→ ASSIGNMENT:
Begin at the line containing "[exists a, exists" in the data below and go on through the line containing "diamond (a,b,c,d) needs", repeating each line exactly; include both ends and no other line.

→ MATERIALS PROVIDED:
(* If $p=p(n)\to0$ and $np\to\infty$ as $n\to\infty$, then a.a.s. $\Gamma\in G(n,p)$ has no domination diamonds.
   Context: $G(n,p)$ is the Erdős–Rényi random graph on $n$ vertices with each edge present independently with probability $p$; a.a.s. means with probability tending to $1$. For distinct vertices $x,y$, $x>y$ means every neighbour of $y$ is adjacent to or equal to $x$. A domination diamond is a quadruple $(a,b,c,d)$ of distinct vertices with $a\sim b\sim c\sim d\sim a$, $a\not\sim c$, $b\not\sim d$, and $a>c$. *)

From HB Require Import structures.
From mathcomp Require Import all_boot all_order all_algebra.
From mathcomp Require Import all_classical all_reals.
From mathcomp Require Import topology normedtype sequences.
Set Implicit Arguments. Unset Strict Implicit. Unset Printing Implicit Defensive.
Import Order.TTheory GRing.Theory Num.Theory.
Local Open Scope ring_scope.

(* A graph on vertex set 'I_n is encoded by a set E of ordered pairs; in the
   Erdos-Renyi model only "upper" sets (pairs (i,j) with i < j) get positive
   weight, each such pair encoding the undirected edge {i,j}. *)
Definition upper n (E : {set 'I_n * 'I_n}) : bool :=
  [forall pr in E, (pr.1 < pr.2)%N].

Definition adj n (E : {set 'I_n * 'I_n}) (x y : 'I_n) : bool :=
  (x != y) && (((x, y) \in E) || ((y, x) \in E)).

Definition dominates n (E : {set 'I_n * 'I_n}) (x y : 'I_n) : bool :=
  [forall z, adj E y z ==> (adj E x z || (z == x))].

Definition is_domination_diamond n (E : {set 'I_n * 'I_n}) (a b c d : 'I_n) : bool :=
  [&& uniq [:: a; b; c; d],
      adj E a b, adj E b c, adj E c d, adj E d a,
      ~~ adj E a c, ~~ adj E b d & dominates E a c].

Definition has_domination_diamond n (E : {set 'I_n * 'I_n}) : bool :=
  [exists a, exists b, exists c, exists d, is_domination_diamond E a b c d].

Definition gnp_weight {R : realType} n (p : R) (E : {set 'I_n * 'I_n}) : R :=
  if upper E then
    \prod_(pr : 'I_n * 'I_n | (pr.1 < pr.2)%N) (if pr \in E then p else 1 - p)
  else 0.

Definition gnp_prob {R : realType} n (p : R) (A : pred {set 'I_n * 'I_n}) : R :=
  \sum_(E : {set 'I_n * 'I_n} | A E) gnp_weight p E.

From HB Require Import structures.
From mathcomp Require Import all_boot all_order all_algebra.
From mathcomp Require Import ring lra zify.
Import Order.TTheory GRing.Theory Num.Theory.
Local Open Scope ring_scope.

(* Union bound over the n^4 quadruples.  For distinct a, b, c, d, a domination
   diamond (a,b,c,d) needs the four edges of the cycle and, since a > c, the
   implication z ~ c => z ~ a for every other vertex z.  These conditions
   concern the pairwise disjoint pairs {zc, za}, so they are independent and
   the diamond has probability at most p^4 (1 - p(1 - p))^(n-4), which is at
   most p^4 exp(-(n-4)p/2).  Summing, the probability of a diamond is at most
   (np)^4 exp(-np/4) = O(1/(np)), which tends to 0. *)
Section BernoulliSubset.
Context {R : realFieldType} {T : finType} {q : R}.
Implicit Types (U E : {set T}) (G F : {set T} -> R).

Definition bern_weight U E : R := \prod_(u in U) (if u \in E then q else 1 - q).

(* The expectation of [G E] for a random subset [E] of [U] containing each
   element independently with probability [q]. *)
Definition bernE U G : R := \sum_(E in powerset U) bern_weight U E * G E.

Lemma eq_bernE {U G G'} : {in powerset U, G =1 G'} -> bernE U G = bernE U G'.
Proof. by move=> eqG; apply: eq_bigr => E /eqG ->. Qed.

Lemma bernE_set0 G : bernE set0 G = G set0.
Proof. by rewrite /bernE powerset0 big_set1 /bern_weight big_set0 mul1r. Qed.

Lemma bernE_set1 x G : bernE [set x] G = (1 - q) * G set0 + q * G [set x].
Proof.
rewrite /bernE powerset1 big_setU1 /=; last first.
  by rewrite inE eq_sym; apply/eqP => /setP /(_ x); rewrite !inE eqxx.
by rewrite big_set1 /bern_weight !big_set1 !inE eqxx.
Qed.

Lemma bern_weightI U E : bern_weight U (E :&: U) = bern_weight U E.
Proof. by apply: eq_bigr => u uU; rewrite inE uU andbT. Qed.

Lemma bern_weightU U1 U2 E : [disjoint U1 & U2] ->
  bern_weight (U1 :|: U2) E = bern_weight U1 E * bern_weight U2 E.
Proof.
by move=> dis; rewrite /bern_weight (eq_bigl [predU U1 & U2]) ?bigU // => u; rewrite inE.
Qed.

Lemma setUIl_disjoint U1 U2 E1 E2 : [disjoint U1 & U2] ->
  E1 \subset U1 -> E2 \subset U2 -> (E1 :|: E2) :&: U1 = E1.
Proof.
move=> dis sE1 sE2; rewrite setIUl (setIidPl sE1) disjoint_setI0 ?setU0 //.
by apply: disjointWl sE2 _; rewrite disjoint_sym.
Qed.

Lemma bernE_setU U1 U2 G1 G2 F : [disjoint U1 & U2] ->
  {in powerset (U1 :|: U2), forall E, F E = G1 (E :&: U1) * G2 (E :&: U2)} ->
  bernE (U1 :|: U2) F = bernE U1 G1 * bernE U2 G2.
Proof.
move=> dis eqF; rewrite (eq_bernE eqF) /bernE big_distrlr pair_big_dep /=.
rewrite (reindex_onto (fun j => j.1 :|: j.2) (fun E => (E :&: U1, E :&: U2))) /=;
  last by move=> E; rewrite powersetE -setIUr => /setIidPl.
have splitU E1 E2 : E1 \subset U1 -> E2 \subset U2 ->
    (E1 :|: E2) :&: U1 = E1 /\ (E1 :|: E2) :&: U2 = E2.
  move=> s1 s2; split; first exact: setUIl_disjoint dis s1 s2.
  by rewrite setUC (@setUIl_disjoint U2 U1 E2 E1 _ s2 s1) // disjoint_sym.
apply: eq_big => [[E1 E2]|[E1 E2]] /=.
  rewrite !powersetE; apply/andP/andP => [[_ /eqP[e1 e2]]|[s1 s2]].
    by rewrite -e1 subsetIr -e2 subsetIr.
  by case: (splitU _ _ s1 s2) => -> ->; rewrite setUSS.
move=> /andP[_ /eqP[e1 e2]]; rewrite e1 e2 bern_weightU //.
by rewrite -(bern_weightI U1) -(bern_weightI U2) e1 e2 mulrACA.
Qed.
Lemma bernE_bigcup (I : finType) (r : seq I) (B : I -> {set T})
    (G : I -> {set T} -> R) :
  uniq r -> {in r &, forall i j, i != j -> [disjoint B i & B j]} ->
  bernE (\bigcup_(i <- r) B i) (fun E => \prod_(i <- r) G i (E :&: B i)) =
  \prod_(i <- r) bernE (B i) (G i).
Proof.
elim: r => [|i r IH] /=; first by rewrite !big_nil bernE_set0 big_nil.
case/andP=> ir ur dis; rewrite !big_cons -IH //; last first.
  by move=> j k jr kr; apply: dis; rewrite inE ?jr ?kr orbT.
apply: bernE_setU => [|E _].
  rewrite bigcup_seq; apply: bigcup_disjoint => j jr.
  by apply: dis; rewrite ?inE ?eqxx ?jr ?orbT //; apply: contraNneq ir => ->.
rewrite big_cons; congr (_ * _); apply: eq_big_seq => j jr.
have sBj : B j \subset \bigcup_(k <- r) B k by rewrite bigcup_seq bigcup_sup.
by rewrite -setIA (setIidPr sBj).
Qed.

Lemma bernE1 U : bernE U (fun=> 1) = 1.
Proof.
have U_eq : \bigcup_(u <- enum U) [set u] = U.
  apply/setP => x; rewrite bigcup_seq; apply/bigcupP/idP => [[y]|xU].
    by rewrite mem_enum inE => yU /eqP ->.
  by exists x; rewrite ?mem_enum ?inE.
have disU : {in enum U &, forall u v, u != v -> [disjoint [set u] & [set v]]}.
  by move=> u v _ _ uv; rewrite disjoints1 inE.
have := @bernE_bigcup _ _ _ (fun _ _ => 1) (enum_uniq U) disU.
rewrite U_eq (eq_bernE (G' := fun=> 1)) => [->|E _]; last by rewrite big1.
by rewrite big1 // => u _; rewrite bernE_set1; ring.
Qed.

Lemma bernEB U G G' : bernE U (fun E => G E - G' E) = bernE U G - bernE U G'.
Proof. by rewrite /bernE -sumrB; apply: eq_bigr => E _; rewrite mulrBr. Qed.

Lemma ler_bernE {U G G'} : 0 <= q <= 1 ->
  {in powerset U, forall E, G E <= G' E} -> bernE U G <= bernE U G'.
Proof.
move=> /andP[q0 q1] leG; apply: ler_sum => E UE; apply: ler_wpM2l (leG E UE).
by apply: prodr_ge0 => u _; case: ifP; rewrite ?subr_ge0.
Qed.

Lemma bernE_and x y : x != y ->
  bernE [set x; y] (fun E => ((x \in E) && (y \in E))%:R) = q * q.
Proof.
move=> xy; rewrite (@bernE_setU _ _ (fun E => (x \in E)%:R) (fun E => (y \in E)%:R)).
- by rewrite !bernE_set1 !inE !eqxx /=; ring.
- by rewrite disjoints1 inE.
- by move=> E _; rewrite !inE !eqxx !andbT; case: (x \in E); rewrite ?mul1r ?mul0r.
Qed.

Lemma bernE_implies x y : x != y ->
  bernE [set x; y] (fun E => ((x \in E) ==> (y \in E))%:R) = 1 - q * (1 - q).
Proof.
move=> xy; rewrite (eq_bernE (G' := fun E => 1 - ((x \in E) && (y \notin E))%:R)).
  rewrite bernEB bernE1 (@bernE_setU _ _ (fun E => (x \in E)%:R) (fun E => (y \notin E)%:R)).
  - by rewrite !bernE_set1 !inE !eqxx /=; ring.
  - by rewrite disjoints1 inE.
  - by move=> E _; rewrite !inE !eqxx !andbT; case: (x \in E); rewrite ?mul1r ?mul0r.
by move=> E _; case: (x \in E); case: (y \in E); rewrite /= ?subr0 ?subrr.
Qed.
End BernoulliSubset.
Arguments bern_weight {R T} q U E.
Arguments bernE {R T} q U G.

Section UpperPairs.
Context {n : nat}.
Implicit Types (x y u v : 'I_n) (E : {set 'I_n * 'I_n}).

Definition epair x y : 'I_n * 'I_n := if (x < y)%N then (x, y) else (y, x).

Definition upper_pairs : {set 'I_n * 'I_n} := [set pr : 'I_n * 'I_n | (pr.1 < pr.2)%N].

Lemma epairC x y : epair x y = epair y x.
Proof. by rewrite /epair; case: (ltngtP x y) => // /val_inj ->. Qed.

Lemma epair_inj x y u v :
  epair x y = epair u v -> (x = u /\ y = v) \/ (x = v /\ y = u).
Proof.
by rewrite /epair; case: ltnP => _; case: ltnP => _ [-> ->]; [left|right|right|left].
Qed.

Lemma epair_upper x y : x != y -> epair x y \in upper_pairs.
Proof.
move=> xy; rewrite inE /epair; case: (ltngtP x y) => //= /val_inj eq_xy.
by rewrite eq_xy eqxx in xy.
Qed.

Lemma upperE E : upper E = (E \subset upper_pairs).
Proof. by apply/forall_inP/subsetP => sE pr /sE; rewrite ?inE. Qed.

Lemma adj_upper {E} : upper E -> forall x y, adj E x y = (x != y) && (epair x y \in E).
Proof.
move=> /forall_inP upE x y; rewrite /adj /epair.
case: (ltngtP x y) => [xy|yx|/val_inj ->]; last by rewrite eqxx.
- by case: ((y, x) \in E) /idP => [/upE /=|]; rewrite ?orbF // ltnNge ltnW.
- by case: ((x, y) \in E) /idP => [/upE /=|] //; rewrite ltnNge ltnW.
Qed.
End UpperPairs.
Arguments upper_pairs n : clear implicits.

Section DiamondProbability.
Variables (R : realFieldType) (n : nat) (p : R) (a b c d : 'I_n).
Hypothesis abcd : uniq [:: a; b; c; d].
Implicit Types (z : 'I_n) (E : {set 'I_n * 'I_n}).

Let abcd_neq : [/\ a != b, a != c & a != d] /\ [/\ b != c, b != d & c != d].
Proof.
by move: abcd; rewrite /= !inE !negb_or => /and4P[/and3P[-> -> ->] /andP[-> ->] ->].
Qed.

Definition spoke z : {set 'I_n * 'I_n} :=
  if (z == a) || (z == c) then set0 else [set epair z c; epair z a].

(* A diamond [(a,b,c,d)] needs both pairs of the spoke of [b] and of [d] (they
   are cycle edges), and, because [a > c], a neighbour [z] of [c] must be a
   neighbour of [a]. *)
Definition spoke_ok z E : bool :=
  if (z == a) || (z == c) then true
  else if (z == b) || (z == d) then (epair z c \in E) && (epair z a \in E)
  else (epair z c \in E) ==> (epair z a \in E).

Lemma spoke_disjoint z z' : z != z' -> [disjoint spoke z & spoke z'].
Proof.
move=> zz'; rewrite /spoke; case: ifP => hz; first by rewrite disjoints_subset sub0set.
case: ifP => _; first by rewrite disjoint_sym disjoints_subset sub0set.
rewrite -setI_eq0; apply/eqP/setP => w; rewrite !inE; apply/negP.
case/andP => /orP[] /eqP -> /orP[] /eqP /epair_inj [[e _]|[e _]];
  by move: zz' hz; rewrite e eqxx ?orbT.
Qed.

Lemma spoke_upper z : spoke z \subset upper_pairs n.
Proof.
rewrite /spoke; case: ifP => [_|/negbT]; first exact: sub0set.
by rewrite negb_or subUset !sub1set => /andP[za zc]; rewrite !epair_upper.
Qed.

→ FINAL ANSWER:
  [exists a, exists b, exists c, exists d, is_domination_diamond E a b c d].

Definition gnp_weight {R : realType} n (p : R) (E : {set 'I_n * 'I_n}) : R :=
  if upper E then
    \prod_(pr : 'I_n * 'I_n | (pr.1 < pr.2)%N) (if pr \in E then p else 1 - p)
  else 0.

Definition gnp_prob {R : realType} n (p : R) (A : pred {set 'I_n * 'I_n}) : R :=
  \sum_(E : {set 'I_n * 'I_n} | A E) gnp_weight p E.

From HB Require Import structures.
From mathcomp Require Import all_boot all_order all_algebra.
From mathcomp Require Import ring lra zify.
Import Order.TTheory GRing.Theory Num.Theory.
Local Open Scope ring_scope.

(* Union bound over the n^4 quadruples.  For distinct a, b, c, d, a domination
   diamond (a,b,c,d) needs the four edges of the cycle and, since a > c, the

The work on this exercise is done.